Бабы? Да были они и до того – в командировках, на премьерах в провинциях. Цеплял кого-то – на раз, на пару дней, на месяц, на большее не было ни времени, ни желания.
Нет, была одна смешная историйка с Зоей, библиотекаршей из Пскова. Скромная, тихая, с вечно застывшей слезой в ярко-синих бездонных глазах. Со скорбным выражением на лице – типаж вечной страдалицы.
Кажется, она и вправду страдала: «Ты, Левушка, женат, у тебя сын. Да и вообще это грех! Я вот в храм хожу, отмаливаю».
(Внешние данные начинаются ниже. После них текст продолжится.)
(* Let $\phi:\mathbb{M}_n\to\mathbb{M}_m$ be a positive linear map, and let $\phi^*:\mathbb{M}_m\to\mathbb{M}_n$ denote its adjoint with respect to the Hilbert–Schmidt inner product $\langle A,B\rangle=\mathrm{Tr}[A^*B]$. Then $\phi$ is a generalized Schwarz map if and only if for every pair $(K,X)\in \mathbb{M}_m\times\mathbb{M}_m^+$ with $\ker(X)\subseteq\ker(K^* )$ we have \[ \mathrm{Tr}[\phi^*(K^*X^{+}K)] \geq \mathrm{Tr}[\phi^*(K)^*\phi^*(X)^{+}\phi^*(K)]. \]
   Context: $\mathbb{M}_n$ denotes the $n\times n$ complex matrices and $\mathbb{M}_n^+$ the positive semidefinite ones; $\mathbf{1}_n$ is the identity. For a matrix $Z$, $Z^+$ denotes its Moore–Penrose generalized inverse. A linear map $\phi:\mathbb{M}_n\to\mathbb{M}_m$ is called positive if it maps $\mathbb{M}_n^+$ into $\mathbb{M}_m^+$. A linear map $\phi:\mathbb{M}_n\to\mathbb{M}_m$ is called a generalized Schwarz map if for all $K\in\mathbb{M}_n$ the block matrix $\begin{pmatrix}\phi(\mathbf{1}_n) & \phi(K)\\ \phi(K)^* & \phi(K^*K)\end{pmatrix}$ is positive semidefinite. *)

From HB Require Import structures.
From mathcomp Require Import all_boot all_order all_algebra.
From mathcomp Require Import sesquilinear spectral.
From Stdlib Require Import ClassicalEpsilon.
Set Implicit Arguments. Unset Strict Implicit. Unset Printing Implicit Defensive.
Import Order.TTheory GRing.Theory Num.Theory.
Local Open Scope ring_scope.
Local Open Scope sesquilinear_scope.

(* Complex scalars: an arbitrary numeric algebraically closed field C
   (e.g. the complex numbers); A ^t* is the conjugate transpose A^*. *)

(* Positive semidefinite: v^* A v >= 0 for every vector v
   (over C this also forces A to be Hermitian). *)
Definition psdmx (C : numClosedFieldType) (n : nat) (A : 'M[C]_n) : Prop :=
  forall v : 'cV[C]_n, 0 <= (v ^t* *m A *m v) 0 0.

Definition positive_map (C : numClosedFieldType) (n m : nat)
  (phi : 'M[C]_n -> 'M[C]_m) : Prop :=
  forall A : 'M[C]_n, psdmx A -> psdmx (phi A).

Definition gen_schwarz (C : numClosedFieldType) (n m : nat)
  (phi : 'M[C]_n -> 'M[C]_m) : Prop :=
  forall K : 'M[C]_n,
    psdmx (block_mx (phi 1%:M) (phi K) ((phi K) ^t*) (phi (K ^t* *m K))).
Жила Зоя в келье, в бывшем монастыре, переделанном под квартиры. Узкая, темная, холодная комната, окошко в полметра, вечная полутьма. Из мебели – кровать с металлической спинкой, табуретка вместо тумбочки, узкий скрипучий платяной шкаф и обеденный столик на двоих, пристроенный к довольно широкому подоконнику. Холодильника не было – в общей кухне припасы хранили под окном, в холодном ящике.
Днем, на работе и на улице, это была обычная женщина из толпы: серый костюм из местного универмага, шедевр советской легкой промышленности, скромный платочек из ацетата на шее, грубоватая обувь, вечно натирающая ее нежные ступни.
Туго закрученный пучок, никакой косметики, бесцветный лак на остриженных ногтях.
А ночью, когда Зоя скидывала блеклую ночную сорочку, распускала золотистые длинные волосы и, застыв, словно перепуганная девочка, стояла перед ним с немигающими от страха глазами, стыдливо прикрывая тонкой, узкой рукой маленькую упругую грудь с острыми, темными сосками, у него останавливалось сердце.
– Зоенька, девочка! – шептал он, как мальчишка, дрожа от нетерпения и желания. – Иди ко мне, моя… – Здесь он запинался. С другими говорил «прелесть». Но здесь это слово не произносилось, застревало в горле. – Иди ко мне, моя хорошая! – после секундной запинки продолжал он. – Иди, я… – А вот здесь продолжения не было. Предполагалось произнести «я тебя хочу». Но понимал – нельзя. А «люблю», то, чего она так ждала, тоже не получалось. Понимал: какое там «люблю», о чем вы? Но зацепила, зацепила, что говорить.